═════ THE DATA ═════
Definition unit_tuple (z : {ffun 'I_i.+2 -> 'I_m}) : {ffun 'I_i.+2 -> 'rV['F_2]_m} :=
  [ffun s => delta_mx 0 (z s)].

Lemma prod_chiS_unit_tuple (z : {ffun 'I_i.+2 -> 'I_m}) (B : 'I_i.+2 -> {set 'I_m}) :
  \prod_(s < i.+2) chiS (B s) (unit_tuple z s) = [forall s, z s \in B s]%:R.
Proof.
under eq_bigr do rewrite ffunE chiS_delta.
case: (boolP [forall s, _]) => [/forallP all_in | /forallPn[s /negPf s_out]]; last first.
  by rewrite (bigD1 s) //= s_out mul0r.
by rewrite big1 // => s _; rewrite all_in.
Qed.

Lemma phi_point_unit_tuple (z : {ffun 'I_i.+2 -> 'I_m}) (A : {set 'I_n.+1})
    (y : 'I_m) :
  injective (fun s => blk (z s)) -> blk y \in A ->
  phi_point (A, y) (unit_tuple z) =
    ((A == [set blk (z s) | s : 'I_i.+2]) && late y z)%:R.
Proof.
move=> bz_inj yA; pose bz := [ffun s => blk (z s)].
have fits_at (sigma : {ffun 'I_i.+2 -> 'I_n.+1}) s :
    (z s \in if sigma s == blk y then [set y] else block k (sigma s)) =
    (sigma s == bz s) && ((bz s == blk y) ==> (z s == y)).
  rewrite ffunE; case: (sigma s =P blk y) => [-> | /eqP ne_y].
    rewrite in_set1; case: (z s =P y) => [->|_]; first by rewrite !eqxx.
    by rewrite implybF eq_sym andbN.
  by rewrite mem_block eq_sym; case: eqP => // <-; rewrite (negPf ne_y).
have fits_all (sigma : {ffun 'I_i.+2 -> 'I_n.+1}) :
    [forall s, z s \in if sigma s == blk y then [set y] else block k (sigma s)] =
    (sigma == bz) && [forall s, (bz s == blk y) ==> (z s == y)].
  apply/forallP/andP => [fits | [/eqP -> fits] s]; last first.
    by rewrite fits_at eqxx (forallP fits).
  have {}fits s : (sigma s == bz s) && ((bz s == blk y) ==> (z s == y)) by rewrite -fits_at.
  split; first by apply/eqP/ffunP => s; have /andP[/eqP] := fits s.
  by apply/forallP => s; have /andP[] := fits s.
have arr_bz : arrangement A bz = (A == [set blk (z s) | s : 'I_i.+2]).
  rewrite /arrangement.
  have -> : injectiveb bz by apply/injectiveP => s1 s2; rewrite !ffunE => /bz_inj.
  by rewrite eq_sym (eq_imset _ (ffunE _)).
have late_bz :
    late (blk y) bz && [forall s, (bz s == blk y) ==> (z s == y)] = late y z.
  apply/andP/existsP => [[/existsP[s /andP[bz_s le_s]] /forallP fits] |
                         [s /andP[/eqP z_s le_s]]].
    by exists s; rewrite le_s andbT; have := fits s; rewrite bz_s.
  split; first by apply/existsP; exists s; rewrite ffunE z_s eqxx.
  by apply/forallP => s'; rewrite !ffunE -z_s; apply/implyP => /eqP/bz_inj ->.
rewrite /phi_point phi_tildeE //=.
under eq_bigr do rewrite prod_chiS_unit_tuple fits_all.
rewrite big_mkcond (bigD1 bz) //= eqxx big1 ?addr0 => [|sigma /negPf ->]; last by case: ifP.
by rewrite arr_bz -late_bz andbA; case: ifP.
Qed.

Lemma exists_test_tuple (A : {set 'I_n.+1}) (u v : 'I_m) :
  #|A| = i.+2 -> blk u \in A -> blk v \in A -> blk u != blk v ->
  exists z, forall (A' : {set 'I_n.+1}) (y : 'I_m), blk y \in A' ->
    phi_point (A', y) (unit_tuple z) = ((A' == A) && ((y == u) || (y == v)))%:R.
Proof.
move=> cardA uA vA uv; have ne_last := inord_neq_max i.
have [f f_inj [f_im fa fb]] := exists_ord_bijection2 cardA uA vA uv ne_last.
pose z := [ffun s => if s == inord i then u
                     else if s == ord_max then v else block_min k_gt0 (f s)].
have blk_z s : blk (z s) = f s.
  rewrite ffunE; case: eqP => [->|_]; first by rewrite fa.
  by case: eqP => [->|_]; rewrite ?fb ?blk_block_min.
exists z => A' y yA'; rewrite phi_point_unit_tuple //; last first.
  by move=> s1 s2; rewrite !blk_z => /f_inj.
by rewrite (eq_imset _ blk_z) f_im late_last_two !ffunE eqxx (ifN_eqC _ _ ne_last) eqxx.
Qed.

Lemma basis_coef_eq0 (c : {set 'I_n.+1} * 'I_m -> 'F_2) :
  \sum_(p in basis_index) c p *: phi_point p = 0 -> {in basis_index, forall p, c p = 0}.
Proof.
move=> sum_eq0; pose c' p := if p \in basis_index then c p else 0.
have sum_c'_delta q : \sum_p c' p * (p == q)%:R = c' q.
  by under eq_bigr do rewrite mulr_natr mulrb; rewrite -big_mkcond big_pred1_eq.
have c'_eq (A : {set 'I_n.+1}) (u v : 'I_m) :
    #|A| = i.+2 -> blk u \in A -> blk v \in A -> blk u != blk v ->
    c' (A, u) = c' (A, v).
  move=> cardA uA vA uv; have [z eval_z] := exists_test_tuple cardA uA vA uv.
  have ne_uv : u != v by apply: contraNneq uv => ->.
  have := congr1 (fun f : mlmap m i.+2 => f (unit_tuple z)) sum_eq0.
  rewrite sum_ffunE ffunE big_mkcond => sum_z.
  apply/eqP; rewrite -subr_eq0 (oppr_pchar2 pchar2_F2) -!sum_c'_delta -big_split /=.
  apply/eqP; rewrite -[RHS]sum_z; apply: eq_bigr => -[A' y] _.
  rewrite /c' -mulrDr; case: ifP => [|_]; last by rewrite mul0r.
  rewrite inE /= in_setD1 inE => /and3P[_ _ yA'].
  rewrite ffunE eval_z // !xpair_eqE -natrD; congr (_ * _%:R).
  by case: (A' == A); case: (y =P u) => [->|]; rewrite ?(negPf ne_uv).
case=> A y; rewrite inE /= in_setD1 inE => /and3P[/eqP cardA y_ne yA].
have c_c' : c (A, y) = c' (A, y) by rewrite /c' inE /= cardA eqxx in_setD1 y_ne inE yA.
have c'_pivot : c' (A, pivot_point A) = 0 by rewrite /c' inE /= in_setD1 eqxx andbF.
have pivotA := pivot_in cardA.
rewrite c_c'; have [blk_y | ne_y] := eqVneq (blk y) (pivot A); last first.
  by rewrite (c'_eq A y (pivot_point A)) ?blk_pivot_point.
(* A second block of [A] links the pivot block to the others. *)
have := cardsD1 (pivot A) A; rewrite pivotA cardA add1n => -[card_rest].
have /set0Pn[x] : A :\ pivot A != set0 by rewrite -card_gt0 -card_rest.
rewrite in_setD1 => /andP[x_ne xA]; have blk_x := blk_block_min k_gt0 x.
rewrite (c'_eq A y (block_min k_gt0 x)) ?blk_y ?blk_x 1?eq_sym //.
by rewrite (c'_eq A _ (pivot_point A)) ?blk_x ?blk_pivot_point.
Qed.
═════
**TASK DIRECTIONS**
All of the records shown above should be reproduced exactly.

**ANSWER TO THIS TASK**
Definition unit_tuple (z : {ffun 'I_i.+2 -> 'I_m}) : {ffun 'I_i.+2 -> 'rV['F_2]_m} :=
  [ffun s => delta_mx 0 (z s)].

Lemma prod_chiS_unit_tuple (z : {ffun 'I_i.+2 -> 'I_m}) (B : 'I_i.+2 -> {set 'I_m}) :
  \prod_(s < i.+2) chiS (B s) (unit_tuple z s) = [forall s, z s \in B s]%:R.
Proof.
under eq_bigr do rewrite ffunE chiS_delta.
case: (boolP [forall s, _]) => [/forallP all_in | /forallPn[s /negPf s_out]]; last first.
  by rewrite (bigD1 s) //= s_out mul0r.
by rewrite big1 // => s _; rewrite all_in.
Qed.

Lemma phi_point_unit_tuple (z : {ffun 'I_i.+2 -> 'I_m}) (A : {set 'I_n.+1})
    (y : 'I_m) :
  injective (fun s => blk (z s)) -> blk y \in A ->
  phi_point (A, y) (unit_tuple z) =
    ((A == [set blk (z s) | s : 'I_i.+2]) && late y z)%:R.
Proof.
move=> bz_inj yA; pose bz := [ffun s => blk (z s)].
have fits_at (sigma : {ffun 'I_i.+2 -> 'I_n.+1}) s :
    (z s \in if sigma s == blk y then [set y] else block k (sigma s)) =
    (sigma s == bz s) && ((bz s == blk y) ==> (z s == y)).
  rewrite ffunE; case: (sigma s =P blk y) => [-> | /eqP ne_y].
    rewrite in_set1; case: (z s =P y) => [->|_]; first by rewrite !eqxx.
    by rewrite implybF eq_sym andbN.
  by rewrite mem_block eq_sym; case: eqP => // <-; rewrite (negPf ne_y).
have fits_all (sigma : {ffun 'I_i.+2 -> 'I_n.+1}) :
    [forall s, z s \in if sigma s == blk y then [set y] else block k (sigma s)] =
    (sigma == bz) && [forall s, (bz s == blk y) ==> (z s == y)].
  apply/forallP/andP => [fits | [/eqP -> fits] s]; last first.
    by rewrite fits_at eqxx (forallP fits).
  have {}fits s : (sigma s == bz s) && ((bz s == blk y) ==> (z s == y)) by rewrite -fits_at.
  split; first by apply/eqP/ffunP => s; have /andP[/eqP] := fits s.
  by apply/forallP => s; have /andP[] := fits s.
have arr_bz : arrangement A bz = (A == [set blk (z s) | s : 'I_i.+2]).
  rewrite /arrangement.
  have -> : injectiveb bz by apply/injectiveP => s1 s2; rewrite !ffunE => /bz_inj.
  by rewrite eq_sym (eq_imset _ (ffunE _)).
have late_bz :
    late (blk y) bz && [forall s, (bz s == blk y) ==> (z s == y)] = late y z.
  apply/andP/existsP => [[/existsP[s /andP[bz_s le_s]] /forallP fits] |
                         [s /andP[/eqP z_s le_s]]].
    by exists s; rewrite le_s andbT; have := fits s; rewrite bz_s.
  split; first by apply/existsP; exists s; rewrite ffunE z_s eqxx.
  by apply/forallP => s'; rewrite !ffunE -z_s; apply/implyP => /eqP/bz_inj ->.
rewrite /phi_point phi_tildeE //=.
under eq_bigr do rewrite prod_chiS_unit_tuple fits_all.
rewrite big_mkcond (bigD1 bz) //= eqxx big1 ?addr0 => [|sigma /negPf ->]; last by case: ifP.
by rewrite arr_bz -late_bz andbA; case: ifP.
Qed.

Lemma exists_test_tuple (A : {set 'I_n.+1}) (u v : 'I_m) :
  #|A| = i.+2 -> blk u \in A -> blk v \in A -> blk u != blk v ->
  exists z, forall (A' : {set 'I_n.+1}) (y : 'I_m), blk y \in A' ->
    phi_point (A', y) (unit_tuple z) = ((A' == A) && ((y == u) || (y == v)))%:R.
Proof.
move=> cardA uA vA uv; have ne_last := inord_neq_max i.
have [f f_inj [f_im fa fb]] := exists_ord_bijection2 cardA uA vA uv ne_last.
pose z := [ffun s => if s == inord i then u
                     else if s == ord_max then v else block_min k_gt0 (f s)].
have blk_z s : blk (z s) = f s.
  rewrite ffunE; case: eqP => [->|_]; first by rewrite fa.
  by case: eqP => [->|_]; rewrite ?fb ?blk_block_min.
exists z => A' y yA'; rewrite phi_point_unit_tuple //; last first.
  by move=> s1 s2; rewrite !blk_z => /f_inj.
by rewrite (eq_imset _ blk_z) f_im late_last_two !ffunE eqxx (ifN_eqC _ _ ne_last) eqxx.
Qed.

Lemma basis_coef_eq0 (c : {set 'I_n.+1} * 'I_m -> 'F_2) :
  \sum_(p in basis_index) c p *: phi_point p = 0 -> {in basis_index, forall p, c p = 0}.
Proof.
move=> sum_eq0; pose c' p := if p \in basis_index then c p else 0.
have sum_c'_delta q : \sum_p c' p * (p == q)%:R = c' q.
  by under eq_bigr do rewrite mulr_natr mulrb; rewrite -big_mkcond big_pred1_eq.
have c'_eq (A : {set 'I_n.+1}) (u v : 'I_m) :
    #|A| = i.+2 -> blk u \in A -> blk v \in A -> blk u != blk v ->
    c' (A, u) = c' (A, v).
  move=> cardA uA vA uv; have [z eval_z] := exists_test_tuple cardA uA vA uv.
  have ne_uv : u != v by apply: contraNneq uv => ->.
  have := congr1 (fun f : mlmap m i.+2 => f (unit_tuple z)) sum_eq0.
  rewrite sum_ffunE ffunE big_mkcond => sum_z.
  apply/eqP; rewrite -subr_eq0 (oppr_pchar2 pchar2_F2) -!sum_c'_delta -big_split /=.
  apply/eqP; rewrite -[RHS]sum_z; apply: eq_bigr => -[A' y] _.
  rewrite /c' -mulrDr; case: ifP => [|_]; last by rewrite mul0r.
  rewrite inE /= in_setD1 inE => /and3P[_ _ yA'].
  rewrite ffunE eval_z // !xpair_eqE -natrD; congr (_ * _%:R).
  by case: (A' == A); case: (y =P u) => [->|]; rewrite ?(negPf ne_uv).
case=> A y; rewrite inE /= in_setD1 inE => /and3P[/eqP cardA y_ne yA].
have c_c' : c (A, y) = c' (A, y) by rewrite /c' inE /= cardA eqxx in_setD1 y_ne inE yA.
have c'_pivot : c' (A, pivot_point A) = 0 by rewrite /c' inE /= in_setD1 eqxx andbF.
have pivotA := pivot_in cardA.
rewrite c_c'; have [blk_y | ne_y] := eqVneq (blk y) (pivot A); last first.
  by rewrite (c'_eq A y (pivot_point A)) ?blk_pivot_point.
(* A second block of [A] links the pivot block to the others. *)
have := cardsD1 (pivot A) A; rewrite pivotA cardA add1n => -[card_rest].
have /set0Pn[x] : A :\ pivot A != set0 by rewrite -card_gt0 -card_rest.
rewrite in_setD1 => /andP[x_ne xA]; have blk_x := blk_block_min k_gt0 x.
rewrite (c'_eq A y (block_min k_gt0 x)) ?blk_y ?blk_x 1?eq_sym //.
by rewrite (c'_eq A _ (pivot_point A)) ?blk_x ?blk_pivot_point.
Qed.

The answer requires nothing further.